Review and confirm the affordability of your safe harbor Consider the affordability of premiums for your lowest-paid employees, not just your average employee. Determine if your plans meet the FPL safe harbor. If it doesn’t, consider whether the Rate of Pay or W-2 safe harbor is a better fit. Work with your ACA technology solution to model affordability determinations.
Make the most of your eligibility determination solution Use your ACA technology solution to validate your total number of employees, their full-time status through monthly or look-back measurement, and your Form 1095-C code determination combinations, and potential fail codes and fail code combinations.
Closely examine your anticipated future premium costs Make sure you are making affordable offers to eligible employees and fully understand your risk profile. Remember that even your lowest premium plan might not be considered affordable under the ACA for employees whose work hours and income were reduced (because of the pandemic or for other reasons).
Promptly respond to any 226-J Letter you receive Whether an employer agrees or disagrees with a penalty assessment, they should contact their ACA reporting solution provider, or whomever assisted in generating their forms, immediately for assistance.
If you disagree with the assessment, first review your Form 1094-C and compare the Forms 1095-C for each identified employee to Form 14765, the Employee Premium Tax Credit Listing (you do not need to re-submit corrected Forms 1094-C or 1095-C).
Next, complete, date and sign Form 14764, “ESRP Response” and send it back to the IRS with any supporting documents by the due date written on the letter, with a statement describing why you are disputing the assessment. If you agree with the assessment, simply enclose a check for the amount requested and the process ends.
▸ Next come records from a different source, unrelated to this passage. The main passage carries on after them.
Let J0 : J (szero k). Proof. by case: JI. Qed.
Let Jadd f g : J f -> J g -> J (sadd f g). Proof. by case: JI => _ + _ _; apply. Qed.
Let Jmul r f : inR r -> J f -> J (smul r f). Proof. by case: JI => _ _ + _; apply. Qed.
Let JR f : J f -> inR f. Proof. by case: JI => _ _ _; apply. Qed.

Definition ideal_car := {f : series k | J f}.

Lemma ideal_car_inj (u v : ideal_car) : sval u = sval v -> u = v.
Proof.
by case: u v => f Jf [g Jg] /= fg; subst g; congr exist; apply: proof_irrelevance.
Qed.

Definition ideal_zero : ideal_car := exist _ (szero k) J0.
Definition ideal_add (u v : ideal_car) : ideal_car :=
  exist _ (sadd (sval u) (sval v)) (Jadd (svalP u) (svalP v)).
Definition ideal_opp (u : ideal_car) : ideal_car :=
  exist _ (smul (sconst (-1)) (sval u)) (Jmul (inR_sconst H0 (c:=-1)) (svalP u)).
Definition ideal_act r (u : ideal_car) : ideal_car :=
  exist _ (smul (proj_R r) (sval u)) (Jmul (@inR_proj_R r) (svalP u)).

Lemma ideal_addA u v w : ideal_add u (ideal_add v w) = ideal_add (ideal_add u v) w.
Proof. by apply: ideal_car_inj; apply: series_ext => m; rewrite /= /sadd addrA. Qed.

Lemma ideal_addC u v : ideal_add u v = ideal_add v u.
Proof. by apply: ideal_car_inj; apply: series_ext => m; rewrite /= /sadd addrC. Qed.

Lemma ideal_add0 u : ideal_add ideal_zero u = u.
Proof. by apply: ideal_car_inj; apply: series_ext => m; rewrite /= /sadd add0r. Qed.

Lemma ideal_addN u : ideal_add (ideal_opp u) u = ideal_zero.
Proof.
apply: ideal_car_inj; apply: series_ext => m.
by rewrite /= /sadd smul_sconst mulN1r addNr.
Qed.

Lemma ideal_actDm r u v : inR r ->
  ideal_act r (ideal_add u v) = ideal_add (ideal_act r u) (ideal_act r v).
Proof. by move=> _; apply: ideal_car_inj; rewrite /= smulDr. Qed.

Lemma ideal_actDr r s u : inR r -> inR s ->
  ideal_act (sadd r s) u = ideal_add (ideal_act r u) (ideal_act s u).
Proof.
by move=> rR sR; apply: ideal_car_inj; rewrite /= !proj_R_id ?smulDl //; exact: inR_add.
Qed.

Lemma ideal_actM r s u : inR r -> inR s ->
  ideal_act (smul r s) u = ideal_act r (ideal_act s u).
Proof.
by move=> rR sR; apply: ideal_car_inj; rewrite /= !proj_R_id ?smulA //; exact: inR_mul.
Qed.

Lemma ideal_act1 u : ideal_act (sone k) u = u.
Proof.
apply: ideal_car_inj; rewrite /= proj_R_id ?smul1 // => m.
by rewrite /sone; case: (m =P 0%N) => [->|] //; rewrite eqxx.
Qed.

Definition ideal_module : Rmodule k H :=
  Build_Rmodule ideal_addA ideal_addC ideal_add0 ideal_addN
    ideal_actDm ideal_actDr ideal_actM ideal_act1.

Lemma trace_ideal_module :
  (forall phi, @is_hom k H ideal_module phi -> forall u, J (phi u)) ->
  is_trace_ideal H J.
Proof.
move=> homJ; exists ideal_module => f; split.
  move=> Jf; exists 1%N, (fun _ u => sval u), (fun _ => exist _ f Jf).
  rewrite ssum1; split => // _; split; [|split] => //.
    by move=> u; apply: JR; apply: svalP.
  by move=> r u rR; rewrite /= proj_R_id.
case=> n1 [f1 [x1 [h1 ->]]].
have idD y z : J y -> J z -> id (sadd y z) = sadd (id y) (id z) by [].
by have [] := ideal_ssum JI idD (fun i => homJ _ (h1 i) (x1 i)).
Qed.

Variable c : nat.
Hypotheses (Hc : forall m, (c <= m)%N -> m \in H) (Hc1 : c.-1 \notin H).
Hypothesis Jc : forall j, J (tpow k (c + j)%N).

(* t^c phi u = u phi (t^c), and phi (t^c) is divisible by t^c because
   t^j phi (t^c) lies in R for all j while c - 1 is a gap. *)
Lemma ideal_hom_smul (phi : ideal_car -> series k) :
  @is_hom k H ideal_module phi -> exists q, forall u, phi u = smul q (sval u).
Proof.
case=> phiR [_ phiZ].
pose T j : ideal_car := exist _ (tpow k (c + j)%N) (Jc j).
have tR j : inR (tpow k (c + j)%N) by apply/inR_tpow/Hc/leq_addr.
have tcR : inR (tpow k c) by rewrite -(addn0 c).
pose g := phi (T 0%N).
have phiT j : phi (T j) = smul (tpow k j) g.
  have E : ideal_act (tpow k c) (T j) = ideal_act (tpow k (c + j)%N) (T 0%N).
    by apply: ideal_car_inj; rewrite /= !proj_R_id // !tpowD addn0 addnC.
  move: (congr1 phi E); rewrite (phiZ _ _ tcR) (phiZ _ _ (tR j)).
  by rewrite -tpowD -smulA => /tpow_lreg.
have g0 : vanish_below c g.
  move=> m mc; apply/eqP; apply: contraT => gm.
  have := phiR (T (c.-1 - m)%N) c.-1; rewrite phiT smul_tpow leq_subr.
  rewrite (_ : c.-1 - (c.-1 - m) = m)%N; last by move: mc; clear; lia.
  by move=> /(_ gm) cH; move: Hc1; rewrite cH.
pose q := fun m => g (m + c)%N; have gq : smul (tpow k c) q = g := tpow_factor g0.
exists q => u.
have uR : inR (sval u) by apply/JR/svalP.
have E : ideal_act (sval u) (T 0%N) = ideal_act (tpow k c) u.
  by apply: ideal_car_inj; rewrite /= !proj_R_id // addn0 smulC.
move: (congr1 phi E); rewrite (phiZ _ _ tcR) (phiZ _ _ uR).
by rewrite -/g -gq smulA (smulC (sval u)) -smulA => /tpow_lreg <-; rewrite smulC.
Qed.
Once Form 14764 is sent, the IRS will acknowledge the employer’s response to Letter 226-J with Letter 227 which describes what action the employer must take, if any. After responding to Letter 227, or after your conference with the IRS Office of Appeals, you will receive Notice CP 220-J asking you to pay the reassessed penalty. If the numbers are correct and you have yet to pay the penalties, pay the amount requested electronically, or via check. If you continue to disagree with the assessment, consult legal counsel on how to proceed.
Other impacts of the American Rescue Plan for employers and ACA compliance The American Rescue Plan Act also provides for fully subsidized COBRA premiums from April 1 to September 30, 2021. During this five-month time frame, the Act reduces an employee’s COBRA premium to zero in anticipation of a tax credit and reduces an employer’s ACA Penalty B risk.
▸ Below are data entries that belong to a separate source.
Definition mat_mul (n : nat) (A B : mat) : mat :=
  fun i j => rsum n (fun k => A i k * B k j).

Definition mat_id : mat := fun i j => if Nat.eqb i j then 1 else 0.

Definition mat_add (A B : mat) : mat := fun i j => A i j + B i j.

Fixpoint mat_pow (n : nat) (A : mat) (k : nat) : mat :=
  match k with
  | O => mat_id
  | S k' => mat_mul n (mat_pow n A k') A
  end.

Definition Jmat (n : nat) : mat := fun _ _ => / INR n.

Definition standardized_laplacian (n : nat) (L : mat) : Prop :=
  (forall i, (i < n)%nat -> rsum n (fun j => L i j) = 0) /\
  (forall i j, (i < n)%nat -> (j < n)%nat -> i <> j ->
      L i j <= 0 /\ Rabs (L i j) <= / INR n).

Definition semiconvergent (n : nat) (A : mat) : Prop :=
  forall i j, (i < n)%nat -> (j < n)%nat ->
    exists l : R, Un_cv (fun k => mat_pow n A k i j) l.

(* P = L + J is row-stochastic with a positive diagonal: its off-diagonal
   entries L_ij + 1/n lie in [0, 1/n], its diagonal entries are at least 1/n,
   and its rows sum to 1.  The core of the file is the classical fact that the
   powers of any such lazy stochastic matrix converge entrywise
   ([lazy_stochastic_semiconvergent]).  The argument uses reachability
   (some power of P has a positive (i, l) entry) and a single pair M, d > 0
   with d <= (P^M)_al at every reachable pair ([uniform_reach]):
   - if every state reachable from i leads back to i, the values (P^k)_aj over
     the class of i lie in a band that shrinks by the factor 1 - d every M
     steps, since every row of P^M in the class gives weight >= d to i;
   - otherwise some state reachable from i cannot return; by induction on the
     number of reachable states the states outside the class already
     converge, and since mass >= d leaves the class every M steps the
     increments of (P^k)_ij contract, so the sequence is Cauchy.
   Finally L has zero row sums, hence L J = 0 and L^(k+1) = L P^k, so the
   powers of L converge as well. *)

From Stdlib Require Import Reals Lra Lia Psatz Classical ClassicalEpsilon.
Open Scope R_scope.

Lemma rsum_ext n f g :
  (forall m, (m < n)%nat -> f m = g m) -> rsum n f = rsum n g.
Proof.
  induction n as [|n IH]; intros Hfg; simpl; [reflexivity|].
  rewrite IH, Hfg; [reflexivity|lia|intros; apply Hfg; lia].
Qed.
To illustrate: Amidst the pandemic and associated economic implications, it’s been common for employers to reduce an employee’s hours to contain costs. Because the employee is now earning less income, the employer’s offer of a COBRA plan is too expensive for the employee. Instead, the employee purchases coverage on the exchange, where they receive a subsidy. The subsidy then triggers a 226-J Letter to the employer. Under the ACA, the employer-offered COBRA coverage is deemed unaffordable to the employee. The employer is assessed a fine.
Now, under the American Rescue Plan Act, because the employee’s cost for COBRA is zero, the COBRA coverage offer is considered affordable, and the employer is not at risk for Penalty B.
A final word
Staying up to date on ACA employer responsibilities can be challenging. If you’re puzzling over how to avoid inadvertent non-compliance and associated financial penalties, be sure to turn to a trusted health reform technology partner that monitors the changing landscape and provides expertise on how to manage it.